_Exercise goal:_
Reproduce the line that contains "rewrite /dotv; move: (mu" and every line after it through the end of the records, exactly, with nothing added.
------------
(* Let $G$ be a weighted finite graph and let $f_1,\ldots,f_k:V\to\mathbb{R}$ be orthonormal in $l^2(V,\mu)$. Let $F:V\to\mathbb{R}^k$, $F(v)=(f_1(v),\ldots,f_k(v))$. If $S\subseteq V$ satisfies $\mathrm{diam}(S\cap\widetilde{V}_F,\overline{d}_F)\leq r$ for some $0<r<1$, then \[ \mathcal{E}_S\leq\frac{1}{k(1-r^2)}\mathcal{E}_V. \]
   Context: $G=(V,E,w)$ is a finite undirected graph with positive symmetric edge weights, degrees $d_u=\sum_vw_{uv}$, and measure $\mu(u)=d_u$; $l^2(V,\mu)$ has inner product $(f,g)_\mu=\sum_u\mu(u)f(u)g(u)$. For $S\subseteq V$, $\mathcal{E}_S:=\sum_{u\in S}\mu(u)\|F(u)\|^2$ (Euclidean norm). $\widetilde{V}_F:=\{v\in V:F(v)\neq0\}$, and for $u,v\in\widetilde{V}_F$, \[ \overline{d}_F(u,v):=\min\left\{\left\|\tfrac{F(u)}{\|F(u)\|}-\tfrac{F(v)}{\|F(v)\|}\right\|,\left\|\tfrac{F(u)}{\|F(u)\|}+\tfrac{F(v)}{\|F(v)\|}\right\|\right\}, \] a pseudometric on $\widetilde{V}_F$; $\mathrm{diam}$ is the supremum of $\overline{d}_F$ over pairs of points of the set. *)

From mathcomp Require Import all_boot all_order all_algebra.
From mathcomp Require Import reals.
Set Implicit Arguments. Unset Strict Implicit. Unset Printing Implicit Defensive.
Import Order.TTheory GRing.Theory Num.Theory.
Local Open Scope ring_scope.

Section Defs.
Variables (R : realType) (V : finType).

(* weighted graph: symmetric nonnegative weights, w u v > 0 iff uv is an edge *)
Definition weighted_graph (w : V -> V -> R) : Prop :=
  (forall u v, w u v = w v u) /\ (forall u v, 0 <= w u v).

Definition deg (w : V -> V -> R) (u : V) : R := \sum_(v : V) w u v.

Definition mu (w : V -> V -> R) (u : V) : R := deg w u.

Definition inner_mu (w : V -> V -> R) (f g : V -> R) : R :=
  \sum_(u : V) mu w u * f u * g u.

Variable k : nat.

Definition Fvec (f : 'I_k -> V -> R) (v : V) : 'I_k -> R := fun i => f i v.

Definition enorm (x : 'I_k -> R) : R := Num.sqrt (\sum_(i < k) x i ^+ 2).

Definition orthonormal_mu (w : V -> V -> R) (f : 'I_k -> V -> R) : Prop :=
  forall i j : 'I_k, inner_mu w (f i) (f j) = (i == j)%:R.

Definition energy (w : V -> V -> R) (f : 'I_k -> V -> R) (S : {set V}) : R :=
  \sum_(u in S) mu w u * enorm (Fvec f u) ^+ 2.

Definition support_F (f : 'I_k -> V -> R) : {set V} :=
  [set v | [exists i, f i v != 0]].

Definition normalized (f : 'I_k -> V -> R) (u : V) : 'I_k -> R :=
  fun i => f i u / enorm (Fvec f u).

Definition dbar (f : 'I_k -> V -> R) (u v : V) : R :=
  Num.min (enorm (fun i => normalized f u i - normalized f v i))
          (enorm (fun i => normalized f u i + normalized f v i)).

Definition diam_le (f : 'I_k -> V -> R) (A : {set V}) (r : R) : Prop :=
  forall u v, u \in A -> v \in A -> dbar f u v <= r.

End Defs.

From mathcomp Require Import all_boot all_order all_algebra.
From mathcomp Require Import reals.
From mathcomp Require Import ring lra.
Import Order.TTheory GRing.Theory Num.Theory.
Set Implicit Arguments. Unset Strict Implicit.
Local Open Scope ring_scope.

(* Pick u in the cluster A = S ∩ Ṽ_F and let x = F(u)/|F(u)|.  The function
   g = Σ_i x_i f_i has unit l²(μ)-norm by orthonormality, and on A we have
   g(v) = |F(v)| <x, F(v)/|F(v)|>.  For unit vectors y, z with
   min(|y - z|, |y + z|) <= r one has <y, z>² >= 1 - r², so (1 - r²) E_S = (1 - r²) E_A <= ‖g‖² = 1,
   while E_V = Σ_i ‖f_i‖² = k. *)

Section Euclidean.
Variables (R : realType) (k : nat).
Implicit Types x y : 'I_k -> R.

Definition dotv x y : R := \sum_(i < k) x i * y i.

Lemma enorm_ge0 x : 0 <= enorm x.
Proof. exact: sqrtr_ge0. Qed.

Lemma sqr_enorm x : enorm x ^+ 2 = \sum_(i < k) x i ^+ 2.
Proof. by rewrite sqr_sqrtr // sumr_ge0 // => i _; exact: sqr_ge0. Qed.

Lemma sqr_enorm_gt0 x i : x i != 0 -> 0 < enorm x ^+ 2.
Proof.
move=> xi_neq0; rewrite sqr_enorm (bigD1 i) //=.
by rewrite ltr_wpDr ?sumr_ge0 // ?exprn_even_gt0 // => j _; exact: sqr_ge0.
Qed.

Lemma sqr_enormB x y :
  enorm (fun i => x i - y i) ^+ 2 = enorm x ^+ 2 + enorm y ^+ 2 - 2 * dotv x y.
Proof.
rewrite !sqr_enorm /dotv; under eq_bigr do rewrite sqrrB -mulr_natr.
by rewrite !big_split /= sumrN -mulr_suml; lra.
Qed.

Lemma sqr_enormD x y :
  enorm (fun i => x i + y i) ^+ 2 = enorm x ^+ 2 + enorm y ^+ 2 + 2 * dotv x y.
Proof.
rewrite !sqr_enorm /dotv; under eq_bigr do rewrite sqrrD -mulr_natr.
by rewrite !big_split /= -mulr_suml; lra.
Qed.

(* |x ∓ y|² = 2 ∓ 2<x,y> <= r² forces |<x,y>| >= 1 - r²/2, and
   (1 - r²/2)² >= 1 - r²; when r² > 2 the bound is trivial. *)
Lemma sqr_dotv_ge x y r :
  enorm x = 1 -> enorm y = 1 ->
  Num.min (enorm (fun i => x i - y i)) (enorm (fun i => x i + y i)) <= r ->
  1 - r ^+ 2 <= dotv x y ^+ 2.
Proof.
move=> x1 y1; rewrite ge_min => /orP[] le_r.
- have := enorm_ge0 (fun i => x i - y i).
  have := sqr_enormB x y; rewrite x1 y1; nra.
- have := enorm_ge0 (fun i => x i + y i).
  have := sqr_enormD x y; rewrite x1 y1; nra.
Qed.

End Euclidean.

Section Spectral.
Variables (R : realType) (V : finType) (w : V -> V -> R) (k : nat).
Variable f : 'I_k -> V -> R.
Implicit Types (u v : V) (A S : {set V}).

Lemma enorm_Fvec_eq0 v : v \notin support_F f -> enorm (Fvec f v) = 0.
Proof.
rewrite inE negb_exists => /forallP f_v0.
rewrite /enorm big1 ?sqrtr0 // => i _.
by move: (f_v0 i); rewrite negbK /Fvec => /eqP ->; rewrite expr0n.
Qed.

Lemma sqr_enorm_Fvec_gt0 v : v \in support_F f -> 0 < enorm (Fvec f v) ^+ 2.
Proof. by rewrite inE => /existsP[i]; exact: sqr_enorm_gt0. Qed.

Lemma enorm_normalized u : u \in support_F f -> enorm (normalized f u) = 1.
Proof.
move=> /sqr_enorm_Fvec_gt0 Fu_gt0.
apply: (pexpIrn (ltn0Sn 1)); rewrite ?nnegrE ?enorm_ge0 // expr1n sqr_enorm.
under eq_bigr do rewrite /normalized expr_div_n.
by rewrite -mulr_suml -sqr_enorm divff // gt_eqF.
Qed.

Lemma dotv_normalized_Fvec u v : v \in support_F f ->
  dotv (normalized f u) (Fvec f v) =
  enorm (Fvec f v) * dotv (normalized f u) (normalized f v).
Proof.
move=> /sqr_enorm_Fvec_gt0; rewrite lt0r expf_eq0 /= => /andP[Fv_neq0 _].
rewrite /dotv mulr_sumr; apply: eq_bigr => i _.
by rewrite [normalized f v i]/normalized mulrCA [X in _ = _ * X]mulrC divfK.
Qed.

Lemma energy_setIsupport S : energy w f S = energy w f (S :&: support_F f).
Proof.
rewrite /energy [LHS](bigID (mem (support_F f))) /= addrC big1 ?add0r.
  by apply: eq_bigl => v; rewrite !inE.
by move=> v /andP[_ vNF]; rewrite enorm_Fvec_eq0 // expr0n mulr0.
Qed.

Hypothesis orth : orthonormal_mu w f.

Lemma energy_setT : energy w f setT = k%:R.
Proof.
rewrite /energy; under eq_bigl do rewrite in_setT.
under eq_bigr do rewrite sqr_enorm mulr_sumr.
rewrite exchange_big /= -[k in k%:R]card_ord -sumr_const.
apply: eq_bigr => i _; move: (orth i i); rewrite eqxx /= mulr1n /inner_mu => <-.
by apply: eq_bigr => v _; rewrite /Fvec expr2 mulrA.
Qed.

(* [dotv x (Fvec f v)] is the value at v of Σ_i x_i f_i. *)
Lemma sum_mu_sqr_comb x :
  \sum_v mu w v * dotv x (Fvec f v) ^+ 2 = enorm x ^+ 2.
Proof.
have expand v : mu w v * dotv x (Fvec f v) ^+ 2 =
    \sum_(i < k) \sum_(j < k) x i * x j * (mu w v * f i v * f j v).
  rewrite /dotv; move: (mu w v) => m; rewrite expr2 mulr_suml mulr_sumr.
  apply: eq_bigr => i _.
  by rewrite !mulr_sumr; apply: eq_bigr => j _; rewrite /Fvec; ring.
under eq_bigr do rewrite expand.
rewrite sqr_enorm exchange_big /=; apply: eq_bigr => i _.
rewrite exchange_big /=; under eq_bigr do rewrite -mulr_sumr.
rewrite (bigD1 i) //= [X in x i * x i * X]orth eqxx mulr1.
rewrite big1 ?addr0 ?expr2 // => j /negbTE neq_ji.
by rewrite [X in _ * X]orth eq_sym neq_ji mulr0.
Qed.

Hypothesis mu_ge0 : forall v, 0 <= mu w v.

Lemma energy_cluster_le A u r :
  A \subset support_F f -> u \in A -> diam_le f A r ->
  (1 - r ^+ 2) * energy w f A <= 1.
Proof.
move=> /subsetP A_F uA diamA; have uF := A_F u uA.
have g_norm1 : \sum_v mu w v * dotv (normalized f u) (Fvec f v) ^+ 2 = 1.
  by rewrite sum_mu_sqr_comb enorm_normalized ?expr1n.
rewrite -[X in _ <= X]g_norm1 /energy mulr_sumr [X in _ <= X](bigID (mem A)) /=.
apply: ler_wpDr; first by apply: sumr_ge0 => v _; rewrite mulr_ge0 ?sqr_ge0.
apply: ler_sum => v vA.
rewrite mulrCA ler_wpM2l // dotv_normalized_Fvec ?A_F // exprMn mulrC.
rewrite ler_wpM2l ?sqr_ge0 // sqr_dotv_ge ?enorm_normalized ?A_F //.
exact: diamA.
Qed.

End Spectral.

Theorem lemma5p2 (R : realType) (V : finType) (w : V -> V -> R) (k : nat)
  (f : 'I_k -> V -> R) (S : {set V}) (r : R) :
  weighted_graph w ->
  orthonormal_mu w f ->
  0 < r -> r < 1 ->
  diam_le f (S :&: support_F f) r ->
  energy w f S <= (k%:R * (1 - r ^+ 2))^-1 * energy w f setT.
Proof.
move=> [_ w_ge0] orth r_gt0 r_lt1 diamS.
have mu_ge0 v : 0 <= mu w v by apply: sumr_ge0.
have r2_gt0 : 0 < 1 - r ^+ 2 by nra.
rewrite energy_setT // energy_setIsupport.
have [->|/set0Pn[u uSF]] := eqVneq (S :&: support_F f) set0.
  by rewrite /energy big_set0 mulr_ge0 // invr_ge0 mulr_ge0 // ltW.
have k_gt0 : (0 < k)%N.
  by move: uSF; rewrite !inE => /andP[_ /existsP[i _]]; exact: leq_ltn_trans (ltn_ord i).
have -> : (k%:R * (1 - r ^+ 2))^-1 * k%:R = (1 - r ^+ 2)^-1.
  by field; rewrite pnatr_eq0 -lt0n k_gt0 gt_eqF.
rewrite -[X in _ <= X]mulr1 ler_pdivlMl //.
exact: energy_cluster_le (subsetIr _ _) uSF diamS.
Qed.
------------
_Problem solution:_
  rewrite /dotv; move: (mu w v) => m; rewrite expr2 mulr_suml mulr_sumr.
  apply: eq_bigr => i _.
  by rewrite !mulr_sumr; apply: eq_bigr => j _; rewrite /Fvec; ring.
under eq_bigr do rewrite expand.
rewrite sqr_enorm exchange_big /=; apply: eq_bigr => i _.
rewrite exchange_big /=; under eq_bigr do rewrite -mulr_sumr.
rewrite (bigD1 i) //= [X in x i * x i * X]orth eqxx mulr1.
rewrite big1 ?addr0 ?expr2 // => j /negbTE neq_ji.
by rewrite [X in _ * X]orth eq_sym neq_ji mulr0.
Qed.

Hypothesis mu_ge0 : forall v, 0 <= mu w v.

Lemma energy_cluster_le A u r :
  A \subset support_F f -> u \in A -> diam_le f A r ->
  (1 - r ^+ 2) * energy w f A <= 1.
Proof.
move=> /subsetP A_F uA diamA; have uF := A_F u uA.
have g_norm1 : \sum_v mu w v * dotv (normalized f u) (Fvec f v) ^+ 2 = 1.
  by rewrite sum_mu_sqr_comb enorm_normalized ?expr1n.
rewrite -[X in _ <= X]g_norm1 /energy mulr_sumr [X in _ <= X](bigID (mem A)) /=.
apply: ler_wpDr; first by apply: sumr_ge0 => v _; rewrite mulr_ge0 ?sqr_ge0.
apply: ler_sum => v vA.
rewrite mulrCA ler_wpM2l // dotv_normalized_Fvec ?A_F // exprMn mulrC.
rewrite ler_wpM2l ?sqr_ge0 // sqr_dotv_ge ?enorm_normalized ?A_F //.
exact: diamA.
Qed.

End Spectral.

Theorem lemma5p2 (R : realType) (V : finType) (w : V -> V -> R) (k : nat)
  (f : 'I_k -> V -> R) (S : {set V}) (r : R) :
  weighted_graph w ->
  orthonormal_mu w f ->
  0 < r -> r < 1 ->
  diam_le f (S :&: support_F f) r ->
  energy w f S <= (k%:R * (1 - r ^+ 2))^-1 * energy w f setT.
Proof.
move=> [_ w_ge0] orth r_gt0 r_lt1 diamS.
have mu_ge0 v : 0 <= mu w v by apply: sumr_ge0.
have r2_gt0 : 0 < 1 - r ^+ 2 by nra.
rewrite energy_setT // energy_setIsupport.
have [->|/set0Pn[u uSF]] := eqVneq (S :&: support_F f) set0.
  by rewrite /energy big_set0 mulr_ge0 // invr_ge0 mulr_ge0 // ltW.
have k_gt0 : (0 < k)%N.
  by move: uSF; rewrite !inE => /andP[_ /existsP[i _]]; exact: leq_ltn_trans (ltn_ord i).
have -> : (k%:R * (1 - r ^+ 2))^-1 * k%:R = (1 - r ^+ 2)^-1.
  by field; rewrite pnatr_eq0 -lt0n k_gt0 gt_eqF.
rewrite -[X in _ <= X]mulr1 ler_pdivlMl //.
exact: energy_cluster_le (subsetIr _ _) uSF diamS.
Qed.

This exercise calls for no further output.